Abstract

ABSTRACT To maintain the overall quality of fisheries products, functional edible coatings from natural ingredients including fish gelatin (Gf), k-carrageenan (Cr), and extract of pomegranate peels (PPE) were composed. The Gf was extracted from blue tilapia (Oreochromis aureus), microencapsulated with Cr, and then loaded with PPE (at concentrations of 0.5%, 1.0%, 1.5% and 2.0%). The Fourier transform infrared (FTIR) spectra of Gf/Cr composites verified their cross-linkage and functionality; the Gf/Cr microcapsules had a mean particle size of 36.2 µm with good distribution and homogeneity. The coating of Nile tilapia (Oreochromis niloticus) fillets, with constructed solutions from Gf/Cr/PPE, revealed their positive effects on fillet quality attributes; the effectiveness was dependent on the supplemented PPE concentration.

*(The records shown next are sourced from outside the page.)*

Section PartialFractions.
Variable q : R.
Hypothesis hq : 0 < q < 1.

Lemma qterm_succ t k : (1 <= t)%nat -> (1 <= k)%nat ->
  qterm q (S t) k = qterm q t k * qfrac q k.
Proof.
  intros Ht Hk. unfold qterm, qfrac.
  replace ((S t - 1) * k)%nat with ((t - 1) * k + k)%nat by nia.
  rewrite pow_add. pose proof (qint_pos q hq k Hk). simpl. field.
  split; [lra | apply pow_nonzero; lra].
Qed.

Lemma qpow_split k m : (0 < m < k)%nat ->
  q ^ k = q ^ m * q ^ (k - m) /\ 0 < q ^ m < 1 /\ 0 < q ^ (k - m) < 1.
Proof.
  intros H. split; [rewrite <- pow_add; f_equal; lia|].
  split; split; try (apply pow_lt; lra); apply pow_lt_1_compat; lra || lia.
Qed.

Lemma qterm1_partial_fraction k m : (0 < m < k)%nat ->
  qterm q 1 k * qfrac q (k - m) = qterm q 1 m * (qfrac q (k - m) - qfrac q k).
Proof.
  intros H. unfold qterm, qfrac, qint. simpl. rewrite !Rmult_1_r, !Rdiv_1_l.
  destruct (qpow_split k m H) as [-> [Hx Hy]].
  apply bracket_partial_fraction; lra.
Qed.

Lemma qfrac_partial_fraction k m : (0 < m < k)%nat ->
  qfrac q k * (qfrac q (k - m) - qfrac q k) + qterm q 2 k
  = qfrac q m * (qfrac q (k - m) - qfrac q k).
Proof.
  intros H.
  assert (E2 : qterm q 2 k = qfrac q k / qint q k).
  { pose proof (qint_pos q hq k ltac:(lia)). unfold qterm, qfrac.
    replace ((2 - 1) * k)%nat with k by lia. field. lra. }
  rewrite E2. unfold qfrac, qint.
  destruct (qpow_split k m H) as [-> [Hx Hy]].
  apply bracket_partial_fraction_weighted; lra.
Qed.

Lemma qterm_partial_fraction k m p : (0 < m < k)%nat ->
  qterm q (S p) k * qfrac q (k - m)
  + sumlt (fun j => qterm q (S p - j) k * qterm q (S j) m) p
  = qterm q (S p) m * (qfrac q (k - m) - qfrac q k).
Proof.
  intros H. induction p as [|p IH].
  - simpl sumlt. rewrite Rplus_0_r. now apply qterm1_partial_fraction.
  - change (sumlt ?F (S p)) with (sumlt F p + F p). cbv beta.
    replace (S (S p) - p)%nat with 2%nat by lia.
    rewrite (sumlt_ext _ (fun j => qfrac q k * (qterm q (S p - j) k * qterm q (S j) m))).
    2:{ intros j Hj. replace (S (S p) - j)%nat with (S (S p - j)) by lia.
        rewrite qterm_succ by lia. ring. }
    rewrite sumlt_scal, !(qterm_succ (S p)) by lia.
    transitivity (qfrac q k * (qterm q (S p) k * qfrac q (k - m)
      + sumlt (fun j => qterm q (S p - j) k * qterm q (S j) m) p)
      + qterm q 2 k * qterm q (S p) m); [ring|].
    rewrite IH.
    transitivity (qterm q (S p) m
      * (qfrac q k * (qfrac q (k - m) - qfrac q k) + qterm q 2 k)); [ring|].
    rewrite qfrac_partial_fraction by auto. ring.
Qed.

End PartialFractions.

Definition window (f : nat -> R) (M m : nat) : R := sumlt (fun j => f (M - S j)%nat) m.

Lemma window_succ f N m : window f (S N) m - window f N m = f N - f (N - m)%nat.
Proof.
  unfold window. induction m as [|m IH]; cbn [sumlt].
  - rewrite Nat.sub_0_r. ring.
  - change (S N - S m)%nat with (N - m)%nat. lra.
Qed.

Lemma sumlt_telescope_window f K m M : (K < M)%nat ->
  sumlt (fun k => if (K <? k)%nat then f (k - m)%nat - f k else 0) M
  = window f (S K) m - window f M m.
Proof.
  intros HKM. replace M with (S K + (M - S K))%nat by lia.
  induction (M - S K)%nat as [|d IH].
  - rewrite Nat.add_0_r, sumlt_eq0; [lra|]. intros k Hk.
    now replace (K <? k)%nat with false by (symmetry; apply Nat.ltb_ge; lia).
  - rewrite Nat.add_succ_r. change (sumlt ?F (S ?n)) with (sumlt F n + F n). rewrite IH.
    replace (K <? S K + d)%nat with true by (symmetry; apply Nat.ltb_lt; lia).
    pose proof (window_succ f (S K + d) m). lra.
Qed.

Section Decomposition.
Variable q : R.
Hypothesis hq : 0 < q < 1.

Definition Ttele (p : nat) (ss : list nat) (M : nat) : R :=
  sumlt (fun k1 => vanish0 k1 (wsum q ss k1
    (fun m => vanish0 m (qterm q (S p) m * (qfrac q (k1 - m) - qfrac q k1))))) M.

Definition Tboundary (p : nat) (ss : list nat) (M : nat) : R :=
  wsum q ss M (fun m => vanish0 m (qterm q (S p) m * window (qfrac q) M m)).

Lemma qterm_qfrac_decomposition p K m : (m < K)%nat ->
  qterm q (S p) K * qfrac q (K - m)
  = qterm q (S (S p)) K * (match m with O => 1 | S _ => 0 end)
    + vanish0 m (qterm q (S p) m * (qfrac q (K - m) - qfrac q K))
    - sumlt (fun j => qterm q (S p - j) K * vanish0 m (qterm q (S j) m)) p.
Proof.
  intros Hm. destruct m as [|m]; cbn [vanish0].
  - rewrite sumlt_eq0 by (intros; ring).
    rewrite Nat.sub_0_r, (qterm_succ q hq (S p)) by lia. ring.
  - pose proof (qterm_partial_fraction q hq K (S m) p ltac:(lia)). lra.
Qed.

Lemma Ttrunc_split p ss M :
  Ttrunc q (S p :: ss) M
  = zsum q (S (S p) :: ss) M + Ttele p ss M
    - sumlt (fun j => zsum q ((S p - j)%nat :: ss ++ S j :: nil) M) p.
Proof.
  unfold Ttrunc, Ttele. cbn [zsum].
  rewrite <- sumlt_exchange, <- sumlt_plus, <- sumlt_minus.
  apply sumlt_ext. intros [|K] _.
  { cbn [vanish0]. rewrite sumlt_eq0 by auto. ring. }
  cbv beta iota.
  change (fun k => q ^ (S K - k) / qint q (S K - k)) with (fun k => qfrac q (S K - k)).
  rewrite <- wsum_scal.
  rewrite (wsum_ext q ss _ _ _ (fun m => qterm_qfrac_decomposition p (S K) m)).
  rewrite wsum_minus, wsum_plus, wsum_scal, wsum_delta0 by lia.
  rewrite (wsum_sumlt q ss (S K)
    (fun j m => qterm q (S p - j) (S K) * vanish0 m (qterm q (S j) m))).
  f_equal. apply sumlt_ext. intros j _. now rewrite wsum_scal, zsum_snoc.
Qed.

Lemma tail_telescope p K m M : (K < M)%nat ->
  sumlt (fun k1 => if (K <? k1)%nat
                   then vanish0 m (qterm q (S p) m * (qfrac q (k1 - m) - qfrac q k1))
                   else 0) M
  = vanish0 m (qterm q (S p) m * window (qfrac q) (S K) m)
    - vanish0 m (qterm q (S p) m * window (qfrac q) M m).
Proof.
  intros HKM. destruct m as [|m]; cbn [vanish0].
  - rewrite sumlt_eq0; [lra|]. intros k _. now destruct (K <? k)%nat.
  - rewrite <- Rmult_minus_distr_l, <- sumlt_telescope_window by auto.
    rewrite <- sumlt_scal. apply sumlt_ext. intros k _. destruct (K <? k)%nat; ring.
Qed.

Lemma Ttele_eq p ss M :
  Ttele p ss M = Ttrunc q (ss ++ S p :: nil) M - Tboundary p ss M.
Proof.
  unfold Ttele, Tboundary, Ttrunc. destruct ss as [|s2 ss]; cbn [app wsum].
  - rewrite (sumlt_ext _ (fun k1 => sumlt (fun m => vanish0 m
        (qterm q (S p) m * (qfrac q (k1 - m) - qfrac q k1))) k1)) by (intros [|k] _; reflexivity).
    rewrite sumlt_triangle, <- sumlt_minus. apply sumlt_ext. intros m Hm.
    now rewrite tail_telescope.
  - rewrite (sumlt_ext _ (fun k1 => sumlt (fun k2 => vanish0 k2 (qterm q s2 k2 * wsum q ss k2
        (fun m => vanish0 m (qterm q (S p) m * (qfrac q (k1 - m) - qfrac q k1))))) k1))
      by (intros [|k] _; reflexivity).
    rewrite sumlt_triangle, <- sumlt_minus. apply sumlt_ext. intros [|K] HK.
    { rewrite sumlt_eq0; [lra|]. intros k _. now destruct (0 <? k)%nat. }
    rewrite (sumlt_ext _ (fun k1 => qterm q s2 (S K) * wsum q ss (S K) (fun m =>
        if (S K <? k1)%nat
        then vanish0 m (qterm q (S p) m * (qfrac q (k1 - m) - qfrac q k1)) else 0)))
      by (intros k1 _; destruct (S K <? k1)%nat; [reflexivity | rewrite wsum_eq0; ring]).
    cbn [vanish0]. rewrite sumlt_scal, <- wsum_sumlt, wsum_snoc.
    rewrite <- Rmult_minus_distr_l, <- wsum_minus. f_equal.
    apply wsum_ext. intros m _. now rewrite tail_telescope.
Qed.

End Decomposition.
(* Let $Q$ be a quantity space over a field $K$. Then every non-zero $u\in Q$ is a unit quantity (unit element) for its dimension $[u]$.
   Context: A scalable monoid over a (unital, associative) ring $R$ is a monoid $X$ (identity $1_X$, product written $xy$) together with a map $R\times X\to X$, $(\alpha,x)\mapsto\alpha\cdot x$, such that $1\cdot x=x$, $\alpha\cdot(\beta\cdot x)=\alpha\beta\cdot x$ and $\alpha\cdot(xy)=(\alpha\cdot x)y=x(\alpha\cdot y)$. A quantity space over a field $K$ is a commutative scalable monoid $Q$ over $K$ for which there exists a basis, i.e. a finite set $\{e_1,\ldots,e_n\}$ of invertible elements of $Q$ such that every $x\in Q$ has a unique expansion $x=\mu\cdot\prod_{i=1}^n e_i^{k_i}$ with $\mu\in K$ and $k_i\in\mathbb{Z}$. On $Q$, $x\sim y$ iff $\alpha\cdot x=\beta\cdot y$ for some $\alpha,\beta\in K$; the equivalence class $[x]$ is the dimension of $x$. An element $x$ is non-zero if $x\neq0\cdot x$. A unit element for a class $\mathsf{C}$ is some $u\in\mathsf{C}$ such that every $x\in\mathsf{C}$ equals $\lambda\cdot u$ for some $\lambda\in K$, and such that $\lambda\cdot u=\lambda'\cdot u$ implies $\lambda=\lambda'$. *)

From mathcomp Require Import all_boot all_order all_algebra.
Set Implicit Arguments. Unset Strict Implicit. Unset Printing Implicit Defensive.
Import GRing.Theory.
Local Open Scope ring_scope.

Definition scalable_monoid (R : ringType) (X : Type)
  (mul : X -> X -> X) (one : X) (scale : R -> X -> X) : Prop :=
  (forall x y z, mul x (mul y z) = mul (mul x y) z) /\
  (forall x, mul one x = x) /\
  (forall x, mul x one = x) /\
  (forall x, scale 1 x = x) /\
  (forall a b x, scale a (scale b x) = scale (a * b) x) /\
  (forall a x y, scale a (mul x y) = mul (scale a x) y
                 /\ scale a (mul x y) = mul x (scale a y)).

Definition zpow (X : Type) (mul : X -> X -> X) (one : X) (e einv : X) (k : int) : X :=
  match k with
  | Posz m => iter m (mul e) one
  | Negz m => iter m.+1 (mul einv) one
  end.

Definition expansion (K : fieldType) (Q : Type) (mul : Q -> Q -> Q) (one : Q)
  (scale : K -> Q -> Q) (n : nat) (e einv : 'I_n -> Q) (mu : K) (k : 'I_n -> int) : Q :=
  scale mu (\big[mul/one]_(i < n) zpow mul one (e i) (einv i) (k i)).

Definition is_basis (K : fieldType) (Q : Type) (mul : Q -> Q -> Q) (one : Q)
  (scale : K -> Q -> Q) (n : nat) (e einv : 'I_n -> Q) : Prop :=
  (forall i, mul (e i) (einv i) = one /\ mul (einv i) (e i) = one) /\
  (forall x, exists mu k, x = expansion mul one scale e einv mu k) /\
  (forall x mu k mu' k',
      x = expansion mul one scale e einv mu k ->
      x = expansion mul one scale e einv mu' k' ->
      mu = mu' /\ (forall i, k i = k' i)).

Definition quantity_space (K : fieldType) (Q : Type) (mul : Q -> Q -> Q) (one : Q)
  (scale : K -> Q -> Q) : Prop :=
  [/\ scalable_monoid mul one scale,
      (forall x y, mul x y = mul y x)
    & exists n (e einv : 'I_n -> Q), is_basis mul one scale e einv].

Definition qsim (K : fieldType) (Q : Type) (scale : K -> Q -> Q) (x y : Q) : Prop :=
  exists a b : K, scale a x = scale b y.

Definition dimension (K : fieldType) (Q : Type) (scale : K -> Q -> Q) (x : Q) : Q -> Prop :=
  fun y => qsim scale y x.

Definition nonzero (K : fieldType) (Q : Type) (scale : K -> Q -> Q) (x : Q) : Prop :=
  x <> scale 0 x.

Definition unit_element (K : fieldType) (Q : Type) (scale : K -> Q -> Q)
  (C : Q -> Prop) (u : Q) : Prop :=
  [/\ C u,
      (forall x, C x -> exists l : K, x = scale l u)
    & (forall l l' : K, scale l u = scale l' u -> l = l')].

(** Write [u = mu . m] with [m] a monomial in the basis. If [u] is non-zero
    then [mu <> 0], since otherwise [0 . u = 0 . m = u]. An element [x] with
    [a . x = b . u] has an expansion [nu . m'], and uniqueness of expansions
    of [a . x = (a nu) . m' = (b mu) . m] forces [m' = m], so
    [x = (nu / mu) . u]; uniqueness of the scalar coefficient makes [l . u]
    determine [l]. *)

From mathcomp Require Import all_boot all_order all_algebra.
Set Implicit Arguments. Unset Strict Implicit. Unset Printing Implicit Defensive.
Import GRing.Theory.
Local Open Scope ring_scope.

Section Expansions.

Variables (K : fieldType) (Q : Type) (mul : Q -> Q -> Q) (one : Q).
Variables (scale : K -> Q -> Q) (n : nat) (e einv : 'I_n -> Q).
Hypothesis scaleA : forall a b x, scale a (scale b x) = scale (a * b) x.
Hypothesis basis_e : is_basis mul one scale e einv.

Local Notation expansion := (expansion mul one scale e einv).

Lemma expansion_exists x : exists mu k, x = expansion mu k.
Proof. by case: basis_e => _ []. Qed.

Lemma expansion_inj mu k mu' k' :
  expansion mu k = expansion mu' k' -> mu = mu' /\ k =1 k'.
Proof. by case: basis_e => _ [_ uniq_e] E; apply: uniq_e erefl E. Qed.

Lemma eq_expansion mu k k' : k =1 k' -> expansion mu k = expansion mu k'.
Proof. by move=> kk'; congr scale; apply: eq_bigr => i _; rewrite kk'. Qed.

Lemma scale_expansion a mu k : scale a (expansion mu k) = expansion (a * mu) k.
Proof. exact: scaleA. Qed.

Lemma nonzero_expansion mu k : nonzero scale (expansion mu k) -> mu != 0.
Proof. by move=> nz; apply/eqP => mu0; apply: nz; rewrite scale_expansion mu0 mulr0. Qed.

Lemma qsim_expansion mu k mu' k' :
  qsim scale (expansion mu k) (expansion mu' k') -> k =1 k'.
Proof. by case=> a [b]; rewrite !scale_expansion => /expansion_inj[]. Qed.

Lemma expansion_unit_element mu k : mu != 0 ->
  unit_element scale (dimension scale (expansion mu k)) (expansion mu k).
Proof.
move=> mu_neq0; split.
- by exists 1, 1.
- move=> x; have [nu [k' ->]] := expansion_exists x.
  move=> /qsim_expansion kk'; exists (nu / mu).
  by rewrite scale_expansion divfK //; apply: eq_expansion.
- by move=> l l'; rewrite !scale_expansion => /expansion_inj[/(mulIf mu_neq0)].
Qed.

End Expansions.

Theorem proposition3p7 (K : fieldType) (Q : Type) (mul : Q -> Q -> Q) (one : Q)
  (scale : K -> Q -> Q) :
  quantity_space mul one scale ->
  forall u : Q, nonzero scale u -> unit_element scale (dimension scale u) u.
Proof.
case=> [[_ [_ [_ [_ [scaleA _]]]]] _ [n [e [einv basis_e]]]] u nz_u.
have [mu [k u_def]] := expansion_exists basis_e u.
rewrite u_def in nz_u *.
exact/(expansion_unit_element scaleA basis_e)/(nonzero_expansion scaleA nz_u).
Qed.
(* Let $\Omega$ be an open subset of $\mathbb{H}$ such that, for every $I\in\mathbb{S}$, $\Omega_I=\Omega\cap L_I$ is an angle $\{re^{I(\zeta_I+\vartheta)}: r>0,\ |\vartheta|<\varphi_I/2\}$ with $\zeta_I\in\mathbb{R}$ and $0<\varphi_I<2\pi$. If the maps $\mathbb{S}\to\mathbb{R}$, $I\mapsto\zeta_I$ and $I\mapsto\varphi_I$ are continuous, then $\Omega$ is a slice domain.
   Context: $\mathbb{H}$ denotes the quaternions; $\mathbb{S}=\{ix_1+jx_2+kx_3: x_1^2+x_2^2+x_3^2=1\}$ (a 2-sphere); for $I\in\mathbb{S}$, $L_I=\mathbb{R}+\mathbb{R}I$ and $e^{I\vartheta}=\cos\vartheta+I\sin\vartheta$. A domain $\Omega\subseteq\mathbb{H}$ is a slice domain if $\Omega\cap\mathbb{R}\ne\emptyset$ and $\Omega\cap L_I$ is a domain (open connected set) in $L_I$ for every $I\in\mathbb{S}$. (Here ''slice domain'' is understood to include that $\Omega$ is a domain.) *)

From Stdlib Require Import Reals.
Open Scope R_scope.

(* Quaternions q = q0 + i q1 + j q2 + k q3 (only the real vector-space
   structure and the Euclidean metric are needed here). *)
Record quat : Type := mkH { q0 : R; q1 : R; q2 : R; q3 : R }.

Definition qadd (p q : quat) : quat :=
  mkH (q0 p + q0 q) (q1 p + q1 q) (q2 p + q2 q) (q3 p + q3 q).
Definition qscal (a : R) (q : quat) : quat :=
  mkH (a * q0 q) (a * q1 q) (a * q2 q) (a * q3 q).
Definition qreal (a : R) : quat := mkH a 0 0 0.

Definition qdist (p q : quat) : R :=
  sqrt ((q0 p - q0 q)^2 + (q1 p - q1 q)^2 + (q2 p - q2 q)^2 + (q3 p - q3 q)^2).

Definition in_S (I : quat) : Prop :=
  q0 I = 0 /\ q1 I ^ 2 + q2 I ^ 2 + q3 I ^ 2 = 1.

Definition L (I : quat) (q : quat) : Prop :=
  exists a b : R, q = qadd (qreal a) (qscal b I).

(* r e^{I t} = r cos t + r sin t I *)
Definition rexpI (r : R) (I : quat) (t : R) : quat :=
  qadd (qreal (r * cos t)) (qscal (r * sin t) I).

Definition is_real_q (q : quat) : Prop := q1 q = 0 /\ q2 q = 0 /\ q3 q = 0.

Definition open_H (A : quat -> Prop) : Prop :=
  forall q, A q -> exists eps, 0 < eps /\ forall p, qdist p q < eps -> A p.

Definition open_in (X A : quat -> Prop) : Prop :=
  (forall q, A q -> X q) /\
  forall q, A q -> exists eps, 0 < eps /\
    forall p, X p -> qdist p q < eps -> A p.

Definition connected_H (A : quat -> Prop) : Prop :=
  forall U V : quat -> Prop, open_H U -> open_H V ->
    (forall q, A q -> U q \/ V q) ->
    (forall q, A q -> U q -> V q -> False) ->
    (exists q, A q /\ U q) -> (exists q, A q /\ V q) -> False.

Definition domain_H (A : quat -> Prop) : Prop := open_H A /\ connected_H A.

Definition domain_in_L (I : quat) (A : quat -> Prop) : Prop :=
  open_in (L I) (fun q => A q /\ L I q) /\ connected_H (fun q => A q /\ L I q).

The Gf/Cr/PPE solutions could effectively reduce the microbial counts of total aerobics, psychrotrophs, yeast and molds, and enterobacteriaceae groups throughout 30 days of refrigerated storage. Additionally, the analysis of spoilage chemical parameters (total volatile basic nitrogen, peroxide value, and thiobarbituric acid reactive substances) in coated samples indicated that formulated solutions could hinder the increase of their values during storage. The sensorial evaluation indicated the acceptability and validity of coated samples for up to 30 days of storage. Gf/Cr/PPE coating is recommended for overall quality maintenance of fish fillets and prolongation of storage using safe and healthy biopreservatives.